What if ordinary users routinely earned micropayments for their contributions? If all content were valued instead of only mogul content, perhaps an information economy would elevate success for all. But under the current terms of debate that idea can barely be whispered.

Obviously, the editors at the Ladies’ Home Journal – paying their readers the same fees for content as professionals – are shouting, not  whispering, their understanding of the way media reform will now proceed.

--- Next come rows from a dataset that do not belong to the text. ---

(* Let $R$ be an associative ring with identity and involution $*$, and let $a\in R^{\#}\cap R^{\dagger}$. Then the following are equivalent: (1) $a\in R^{SEP}$; (2) $a(a^{\#})^*a^{\dagger}$ is a right $a^{\dagger}a^2$-idempotent; (3) $a^{\dagger}a^2$ is a left $a(a^{\#})^*a^{\dagger}$-idempotent; (4) $a^{\dagger}a^2$ is a right $a(a^{\#})^*a^{\dagger}$-idempotent.
   Context: An involution on $R$ is a map $x\mapsto x^*$ with $(x^* )^*=x$, $(x+y)^*=x^*+y^*$, $(xy)^*=y^*x^*$. An element $a$ is Moore–Penrose invertible if there is $b$ with $aba=a$, $bab=b$, $(ab)^*=ab$, $(ba)^*=ba$; such $b$ is unique, denoted $a^{\dagger}$, and $R^{\dagger}$ is the set of such $a$. An element $a$ is group invertible if there is $b$ with $aba=a$, $bab=b$, $ab=ba$; such $b$ is unique, denoted $a^{\#}$, and $R^{\#}$ is the set of such $a$. For $a\in R^{\#}\cap R^{\dagger}$, $a$ is SEP if $a^*=a^{\dagger}=a^{\#}$; $R^{SEP}$ denotes the set of SEP elements. For $e,c\in R$, $e$ is a left $c$-idempotent if $e^2=ce$, and a right $c$-idempotent if $e^2=ec$. *)

From mathcomp Require Import all_boot all_algebra.
Set Implicit Arguments. Unset Strict Implicit. Unset Printing Implicit Defensive.
Import GRing.Theory.
Local Open Scope ring_scope.

Definition involution (R : pzRingType) (star : R -> R) : Prop :=
  [/\ forall x, star (star x) = x,
      forall x y, star (x + y) = star x + star y &
      forall x y, star (x * y) = star y * star x].

Definition is_mp_inv (R : pzRingType) (star : R -> R) (a b : R) : Prop :=
  [/\ a * b * a = a, b * a * b = b, star (a * b) = a * b & star (b * a) = b * a].

Definition is_group_inv (R : pzRingType) (a b : R) : Prop :=
  [/\ a * b * a = a, b * a * b = b & a * b = b * a].

Definition is_SEP (R : pzRingType) (star : R -> R) (a : R) : Prop :=
  exists b c, [/\ is_mp_inv star a b, is_group_inv a c, star a = b & b = c].

Definition left_c_idem (R : pzRingType) (c e : R) : Prop := e * e = c * e.
Definition right_c_idem (R : pzRingType) (c e : R) : Prop := e * e = e * c.

From mathcomp Require Import all_boot all_algebra.
Import GRing.Theory.
Local Open Scope ring_scope.

(* Write x = a (a^#)^* a^+ and y = a^+ a^2.  If a is SEP then x = y = a, so all
   three identities hold trivially.  Conversely, multiplying each identity on
   suitable sides by a, a^+, a^# and a^* yields a a^+ = a a^# together with
   x = a.  The first equation makes a EP, i.e. a^+ = a^#, and then x = a reads
   a (a^#)^* a^# = a, which forces a^* = a^#. *)

Set Implicit Arguments.
Unset Strict Implicit.

Lemma mulr3_lctx {R : pzRingType} {u v w t : R} :
  u * v * w = t -> forall z, z * u * v * w = z * t.
Proof. by move=> <- z; rewrite !mulrA. Qed.

Lemma group_inv_unique (R : pzRingType) (a b c : R) :
  is_group_inv a b -> is_group_inv a c -> b = c.
Proof.
move=> [aba bab abC] [aca cac acC].
have caE : c * a = b * a by rewrite -{1}aba !mulrA -mulrA -acC -abC mulrA aca.
by rewrite -cac caE -mulrA acC caE -abC mulrA bab.
Qed.

Section Involution.

Variables (R : pzRingType) (star : R -> R).
Hypotheses (starK : involutive star)
           (starM : forall x y, star (x * y) = star y * star x).

Lemma mp_inv_unique (a b c : R) :
  is_mp_inv star a b -> is_mp_inv star a c -> b = c.
Proof.
move=> [aba bab abS baS] [aca cac acS caS].
have abE : a * b = a * c.
  have -> : a * b = a * c * (a * b) by rewrite mulrA aca.
  by rewrite -acS -abS -starM mulrA aba.
have baE : b * a = c * a.
  have -> : b * a = b * a * (c * a) by rewrite mulrA (mulr3_lctx aca).
  by rewrite -caS -baS -starM mulrA (mulr3_lctx aba).
by rewrite -bab baE -mulrA abE mulrA cac.
Qed.

Variables (a d g : R).
Hypotheses (mp : is_mp_inv star a d) (gi : is_group_inv a g).

Let ada : a * d * a = a. Proof. by case: mp. Qed.
Let dad : d * a * d = d. Proof. by case: mp. Qed.
Let adS : star (a * d) = a * d. Proof. by case: mp. Qed.
Let daS : star (d * a) = d * a. Proof. by case: mp. Qed.
Let aga : a * g * a = a. Proof. by case: gi. Qed.
Let gag : g * a * g = g. Proof. by case: gi. Qed.
Let agC : a * g = g * a. Proof. by case: gi. Qed.

Let gaa : g * a * a = a. Proof. by rewrite -agC aga. Qed.
Let aag : a * a * g = a. Proof. by rewrite -mulrA agC mulrA aga. Qed.
Let gga : g * g * a = g. Proof. by rewrite -mulrA -agC mulrA gag. Qed.

Lemma mp_inv_eq_group_inv : a * d = a * g -> d = g.
Proof.
move=> adE.
have daad : d * a * (a * d) = d * a.
  by rewrite adE mulrA (mulr3_lctx aag).
have daE : d * a = a * d * (d * a).
  by rewrite -{1}daS -{1}daad starM adS daS.
have daadE : d * a = a * d.
  by rewrite daE adE agC -mulrA (mulrA a) ada.
by rewrite -dad daadE adE agC -mulrA adE mulrA gag.
Qed.

Lemma ad_eq_ag_of_da_eq_ag : d * a = a * g -> a * d = a * g.
Proof.
move=> daE.
have agS : star (a * g) = a * g by rewrite -daE daS.
have agad : a * g * (a * d) = a * g.
  have adag : a * d * (a * g) = a * g by rewrite mulrA ada.
  by rewrite -{1}agS -adS -starM adag agS.
by rewrite -{1}aga -mulrA agad.
Qed.

Local Notation x := (a * star g * d).
Local Notation y := (d * a ^+ 2).

Lemma SEP_of_EP : a * d = a * g -> x = a -> is_SEP star a.
Proof.
move=> adE; have dg := mp_inv_eq_group_inv adE; subst d => agga.
exists g, g; split=> //.
have gS : star g = a * g * star g by rewrite -{1}gag -mulrA starM adS.
have agE : a * g = star g * g.
  by rewrite agC -{1}agga !mulrA -agC -gS.
by rewrite -{1}aga starM adS agE mulrA -starM -agC adS agC gag.
Qed.

Lemma SEP_x_y : is_SEP star a -> x = a /\ y = a.
Proof.
move=> [b [c [mpb gic aS bc]]].
have gc := group_inv_unique gi gic.
have dg : d = g by rewrite (mp_inv_unique mp mpb) bc gc.
have gS : star g = a by rewrite gc -bc -aS starK.
by rewrite gS dg expr2 mulrA aag gaa.
Qed.

Lemma right_idem_x_SEP : right_c_idem y x -> is_SEP star a.
Proof.
rewrite /right_c_idem expr2 => xxE.
have gda : g * d * a = g by rewrite -{1}gga (mulr3_lctx ada) gga.
have daSg : d * a * star g = star g.
  by rewrite -{2}gda -[g * d * a]mulrA starM daS.
have aSgd : star a * star g * d = d.
  have dE : d = star a * star d * d by rewrite -{1}dad -daS starM.
  have aE : star a = star a * star g * star a.
    by rewrite -{1}aga starM starM mulrA.
  by rewrite {1}dE !mulrA -aE -dE.
have cancel_aSdx u : star a * (d * x * u) = d * u.
  by rewrite !mulrA (mulr3_lctx daSg) aSgd.
have Sgd : star g * d = d * d * a * a.
  have dxE : d * x = d * (d * (a * a)).
    rewrite -(cancel_aSdx x) -(cancel_aSdx (d * (a * a))); congr (_ * _).
    by rewrite -mulrA xxE mulrA.
  by move: dxE; rewrite !mulrA daSg.
have dE : d = star a * d * d * a * a by rewrite -{1}aSgd -mulrA Sgd !mulrA.
have dag : d * a * g = d by rewrite {1}dE (mulr3_lctx aag) -dE.
have adE : a * d = a * g by rewrite -dag !mulrA ada.
apply: (SEP_of_EP adE).
by rewrite -mulrA Sgd (mp_inv_eq_group_inv adE) !mulrA (mulr3_lctx gga) aga.
Qed.

Lemma left_idem_y_SEP : left_c_idem x y -> is_SEP star a.
Proof.
rewrite /left_c_idem expr2 => yyE.
have daaE : d * a * a = x * d * a.
  move/(congr1 (fun t => t * g)): yyE.
  by rewrite !mulrA !(mulr3_lctx aag) (mulr3_lctx ada).
have ad_daa : a * d * (d * a * a) = d * a * a by rewrite {1}daaE !mulrA ada -daaE.
have add : a * d * d = d.
  rewrite -{3}dad -(mulr3_lctx aag) -ad_daa !mulrA.
  by rewrite (mulr3_lctx aag) (mulr3_lctx dad).
have agd : a * g * d = d by rewrite -{1}add !mulrA aga add.
have daE : d * a = a * g by rewrite -{1}agd agC (mulr3_lctx ada).
have adE := ad_eq_ag_of_da_eq_ag daE.
apply: (SEP_of_EP adE).
rewrite (mp_inv_eq_group_inv adE) gaa (mulr3_lctx gga) in daaE.
by rewrite (mp_inv_eq_group_inv adE) -daaE.
Qed.

Lemma right_idem_y_SEP : right_c_idem x y -> is_SEP star a.
Proof.
rewrite /right_c_idem expr2 => yyE.
have xE : a = x.
  move/(congr1 (fun t => g * g * a * t)): yyE.
  by rewrite !mulrA !(mulr3_lctx ada) gga gaa.
have aad : a * a * d = a by rewrite {1}xE (mulr3_lctx dad) -xE.
have adE : a * d = a * g by rewrite -{1}gaa (mulr3_lctx aad) agC.
by apply: (SEP_of_EP adE); rewrite -xE.
Qed.

End Involution.

Theorem theorem3p3 (R : pzRingType) (star : R -> R) (a ad ag : R) :
  involution star -> is_mp_inv star a ad -> is_group_inv a ag ->
  [/\ (is_SEP star a <-> right_c_idem (ad * a ^+ 2) (a * star ag * ad)),
      (is_SEP star a <-> left_c_idem (a * star ag * ad) (ad * a ^+ 2)) &
      (is_SEP star a <-> right_c_idem (a * star ag * ad) (ad * a ^+ 2))].
Proof.
move=> [starK _ starM] mp gi.
have fwd := SEP_x_y starK starM mp gi.
split; split=> [/fwd[-> ->] // |].
- exact: right_idem_x_SEP.
- exact: left_idem_y_SEP.
- exact: right_idem_y_SEP.
Qed.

Oxford Street branch of the John Lewis Partnership, 1936

An instructive poll for the Guardian

It was astonishing to see the results of a poll on the Guardian site related to the Clegg co-ownership proposal. Eighty-seven per cent of the poll-takers voted ‘yes’ in answer to a question referring to Britain’s most famous employee-owned company: ‘Would you like to live in a John Lewis style economy?’ That surely added up to endorsing a recommendation of  such a structure for ownership of the Guardian itself, or some part of it — even if proposals made in the online paper’s comments section for experimentally co-owning bits of it with readers  were censored more than once last year.  Ahem.

Nick Clegg and his personal think tank appeared to have anticipated precisely such — erm, discouragement, when he suggested in the same speech,

… giving employees a new, universal “Right to Request” shares. Imagine: an automatic opportunity for every employee to seek to enter into a share scheme, enjoying the tax benefits that come with it, taking what for many people might seem out of their reach, and turning it into a routine decision …

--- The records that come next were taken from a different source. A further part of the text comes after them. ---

Lemma is_series_sum_n {K : AbsRing} {V : NormedModule K} (v : nat -> nat -> V) s N :
  (forall k, is_series (fun m => v m k) (s k)) ->
  is_series (fun m => sum_n (v m) N) (sum_n s N).
Proof.
  intros Hv; induction N as [|N IH].
  - rewrite sum_O; eapply is_series_ext; [|apply Hv]; intros m; now rewrite sum_O.
  - rewrite sum_Sn; eapply is_series_ext; [|apply (is_series_plus _ _ _ _ IH (Hv (S N)))].
    intros m; now rewrite sum_Sn.
Qed.

Lemma is_series_prepend_zeros {K : AbsRing} {V : NormedModule K} (b : nat -> V) l k :
  is_series b l -> is_series (fun n => if (k <=? n)%nat then b (n - k)%nat else zero) l.
Proof.
  intros Hb; induction k as [|k IH].
  - eapply is_series_ext; [|exact Hb]; intros n; now rewrite Nat.sub_0_r.
  - apply is_series_decr_1; replace (plus l (opp _)) with l; [exact IH|].
    simpl; symmetry; etransitivity; [|apply plus_zero_r]; f_equal.
    exact (@opp_zero (NormedModule.AbelianGroup K V)).
Qed.

(** * Interchanging the order of summation *)

Lemma sum_n_le_series (a : nat -> R) l :
  (forall n, 0 <= a n) -> is_series a l -> forall N, sum_n a N <= l.
Proof.
  intros Ha Hl; apply (is_lim_seq_incr_compare (sum_n a) l Hl).
  intros n; rewrite sum_Sn; specialize (Ha (S n)); simpl; unfold plus; simpl; lra.
Qed.

Lemma term_le_series (a : nat -> R) l :
  (forall n, 0 <= a n) -> is_series a l -> forall n, a n <= l.
Proof.
  intros Ha Hl n; eapply Rle_trans; [|apply (sum_n_le_series a l Ha Hl n)].
  destruct n as [|n]; [rewrite sum_O; lra|].
  rewrite sum_Sn, sum_n_Reals; simpl; unfold plus; simpl.
  assert (0 <= sum_f_R0 a n) by (apply cond_pos_sum; auto); lra.
Qed.

Lemma is_series_le (a b : nat -> R) la lb :
  (forall n, a n <= b n) -> is_series a la -> is_series b lb -> la <= lb.
Proof.
  intros Hab Ha Hb; apply (is_lim_seq_le (sum_n a) (sum_n b) la lb); auto.
  intros n; apply sum_n_le, Hab.
Qed.

Lemma is_series_nonneg_bounded (a : nat -> R) M :
  (forall n, 0 <= a n) -> (forall N, sum_n a N <= M) -> exists l, is_series a l /\ l <= M.
Proof.
  intros Ha HM; destruct (ex_finite_lim_seq_incr (sum_n a) M) as [l Hl]; auto.
  { intros n; rewrite sum_Sn; specialize (Ha (S n)); simpl; unfold plus; simpl; lra. }
  exists l; split; [exact Hl|].
  exact (is_lim_seq_le (sum_n a) (fun _ => M) l M HM Hl (is_lim_seq_const M)).
Qed.

Lemma is_series_swap_nonneg_le (v : nat -> nat -> R) s L :
  (forall m n, 0 <= v m n) -> (forall m, is_series (v m) (s m)) -> is_series s L ->
  exists t L', (forall n, is_series (fun m => v m n) (t n)) /\ is_series t L' /\ L' <= L.
Proof.
  intros Hv Hs HL.
  assert (Hs0 : forall m, 0 <= s m).
  { intros m; eapply Rle_trans; [apply (Hv m O)|apply (term_le_series _ _ (Hv m) (Hs m))]. }
  assert (Ht : forall n, is_series (fun m => v m n) (Series (fun m => v m n))).
  { intros n; apply Series_correct.
    destruct (is_series_nonneg_bounded (fun m => v m n) L) as [t [Ht _]];
      [auto| |now exists t].
    intros N; eapply Rle_trans; [|apply (sum_n_le_series s L Hs0 HL N)].
    apply sum_n_le; intros m; apply (term_le_series _ _ (Hv m) (Hs m)). }
  exists (fun n => Series (fun m => v m n)).
  destruct (is_series_nonneg_bounded (fun n => Series (fun m => v m n)) L) as [L' [HL' Hle]].
  - intros n; eapply Rle_trans;
      [apply (Hv O n)|apply (term_le_series _ _ (fun m => Hv m n) (Ht n))].
  - intros N; refine (is_series_le _ _ _ _ _ (is_series_sum_n v _ N Ht) HL).
    intros m; apply (sum_n_le_series _ _ (Hv m) (Hs m)).
  - now exists L'.
Qed.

In other words, no one would be censored or punished simply for asking an employer for a stake in a company… Still, well done, Gruan, for conducting that poll.  Soon, you might almost be as brave as the Ladies’ Home Journal.

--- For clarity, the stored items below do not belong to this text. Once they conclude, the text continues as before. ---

(* Let $\varepsilon>0$, $k\in\mathbb N$ with $k\ge1$, and $0<r_{\max}<\infty$. Then the mechanism $r\mapsto\mathrm{ScalarDP}(r,\varepsilon;k,r_{\max})$ (on inputs $r\ge0$) is $\varepsilon$-locally differentially private, and for $Z=\mathrm{ScalarDP}(r,\varepsilon;k,r_{\max})$ with $0\le r\le r_{\max}$ we have $\mathbb E[Z]=r$ and \[ \mathbb E[(Z-r)^2]\le \frac{k+1}{e^\varepsilon-1}\Big[r^2+\frac{r_{\max}^2}{4k^2}+\frac{(2k+1)(e^\varepsilon+k)\,r_{\max}^2}{6k(e^\varepsilon-1)}\Big]+\frac{r_{\max}^2}{4k^2}. \]
   Context: $\mathrm{ScalarDP}(r,\varepsilon;k,r_{\max})$: set $r\leftarrow\min\{r,r_{\max}\}$ and $x=kr/r_{\max}$. Sample $J=\lfloor x\rfloor$ with probability $\lceil x\rceil-x$ and $J=\lceil x\rceil$ otherwise (so $J\in\{0,\dots,k\}$). Randomized response: given $J=i$, set $\widehat J=i$ with probability $\frac{e^\varepsilon}{e^\varepsilon+k}$ and otherwise $\widehat J$ uniform on $\{0,\dots,k\}\setminus\{i\}$. Output $Z=a(\widehat J-b)$ with $a=\frac{e^\varepsilon+k}{e^\varepsilon-1}\cdot\frac{r_{\max}}k$ and $b=\frac{k(k+1)}{2(e^\varepsilon+k)}$. A mechanism $M$ is $\varepsilon$-locally differentially private if $\mathbb P(M(r)\in S)\le e^{\varepsilon}\mathbb P(M(r')\in S)$ for all inputs $r,r'$ and sets $S$. *)

From Stdlib Require Import Reals Lra ClassicalEpsilon.
Open Scope R_scope.

Definition floorR (x : R) : R := IZR (Int_part x).
Definition ceilR (x : R) : R := - IZR (Int_part (- x)).

Definition sdp_x (k : nat) (rmax r : R) : R := INR k * Rmin r rmax / rmax.

(* Law of J on {0,...,k}: J = floor x w.p. ceil x - x, J = ceil x otherwise. *)
Definition sdp_pJ (k : nat) (rmax r : R) (i : nat) : R :=
  let x := sdp_x k rmax r in
  (if Req_EM_T (INR i) (floorR x) then ceilR x - x else 0)
  + (if Req_EM_T (INR i) (ceilR x) then 1 - (ceilR x - x) else 0).

(* Randomized response kernel: P(Jhat = j | J = i) *)
Definition sdp_rr (eps : R) (k : nat) (i j : nat) : R :=
  if Nat.eq_dec i j then exp eps / (exp eps + INR k)
  else (1 - exp eps / (exp eps + INR k)) / INR k.

Definition sdp_pJhat (eps : R) (k : nat) (rmax r : R) (j : nat) : R :=
  sum_f_R0 (fun i => sdp_pJ k rmax r i * sdp_rr eps k i j) k.

Definition sdp_a (eps : R) (k : nat) (rmax : R) : R :=
  (exp eps + INR k) / (exp eps - 1) * (rmax / INR k).
Definition sdp_b (eps : R) (k : nat) : R :=
  INR k * (INR k + 1) / (2 * (exp eps + INR k)).

Definition sdp_out (eps : R) (k : nat) (rmax : R) (j : nat) : R :=
  sdp_a eps k rmax * (INR j - sdp_b eps k).

Definition sdp_prob (eps : R) (k : nat) (rmax r : R) (S : R -> Prop) : R :=
  sum_f_R0 (fun j => if excluded_middle_informative (S (sdp_out eps k rmax j))
                     then sdp_pJhat eps k rmax r j else 0) k.

Definition sdp_expect (eps : R) (k : nat) (rmax r : R) (f : R -> R) : R :=
  sum_f_R0 (fun j => sdp_pJhat eps k rmax r j * f (sdp_out eps k rmax j)) k.

Definition sdp_LDP (eps : R) (k : nat) (rmax : R) : Prop :=
  forall (r r' : R) (S : R -> Prop), 0 <= r -> 0 <= r' ->
    sdp_prob eps k rmax r S <= exp eps * sdp_prob eps k rmax r' S.

From Stdlib Require Import Reals Lra Lia ZArith ClassicalEpsilon.
Open Scope R_scope.

(* Write x = k min(r, rmax) / rmax and c = (e^eps - 1) / (e^eps + k).  J rounds x stochastically
   to one of its two neighbouring integers, so E[J] = x and E[J^2] <= x^2 + 1/4.  Randomized
   response gives every output the probability 1 / (e^eps + k) plus c times the probability
   that J equals it; hence all output probabilities lie in [1, e^eps] / (e^eps + k), which is
   eps-LDP, and E[f(Jhat)] = (sum_j f j) / (e^eps + k) + c E[f(J)].  In particular
   E[Jhat] = b + c x, so Z = a (Jhat - b) has mean a c x = r, and its second moment is
   a^2 (E[Jhat^2] - b^2 - 2 b c x) <= a^2 (k (k+1) (2k+1) / (6 (e^eps + k)) + c (x^2 + 1/4)),
   which is the stated bound plus r^2. *)

Lemma sum_f_R0_indicator (g : nat -> R) (n N : nat) : (n <= N)%nat ->
  sum_f_R0 (fun i => if Nat.eq_dec i n then g i else 0) N = g n.
Proof.
  intros hn; induction N as [|N IH].
  - assert (n = 0)%nat as -> by lia; simpl.
    destruct (Nat.eq_dec 0 0); [reflexivity | congruence].
  - rewrite tech5; destruct (Nat.eq_dec (S N) n) as [<- | ne].
    + rewrite (sum_eq _ (fun _ => 0)), sum_cte; [lra |].
      intros i hi; destruct (Nat.eq_dec i (S N)); [lia | reflexivity].
    + rewrite IH by lia; lra.
Qed.

Lemma sum_shifted_INR (u v : R) (n : nat) :
  sum_f_R0 (fun j => u * (INR j - v)) n
  = u * (INR n * (INR n + 1) / 2 - v * (INR n + 1)).
Proof.
  induction n as [|n IH]; [simpl; field |].
  rewrite tech5, IH, S_INR; field.
Qed.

Will 2012 be the year of a great leap forward into media’s future — even at The New York Times?

Back to the future 1: barn-raising

Back to the future 2: the work of quilting bees -- Steven Heller

My new year will begin not with a resolution but a hope.

It has been a bit lonely, trying to persuade other people intimately acquainted with mainstream media to discuss specific proposals for media reform. But three short essays published in the last month – to which I am about to post links – show that I am in good company in suspecting that co-owning media with readers and viewers could be the most realistic route into the future. It is no longer quixotic to hope that the most rigid opponents of reform will give alternatives to the status quo a friendlier reception.

With any luck, I will soon be able to drop the subject of media restructuring from this blog because powerful media people persistently refusing to discuss it have, at last, picked up the torch.

My personal high-water mark for the media establishment’s resistance to the new dates from the spring of 2010, when I emailed a question to an editor near the top of The New York Times.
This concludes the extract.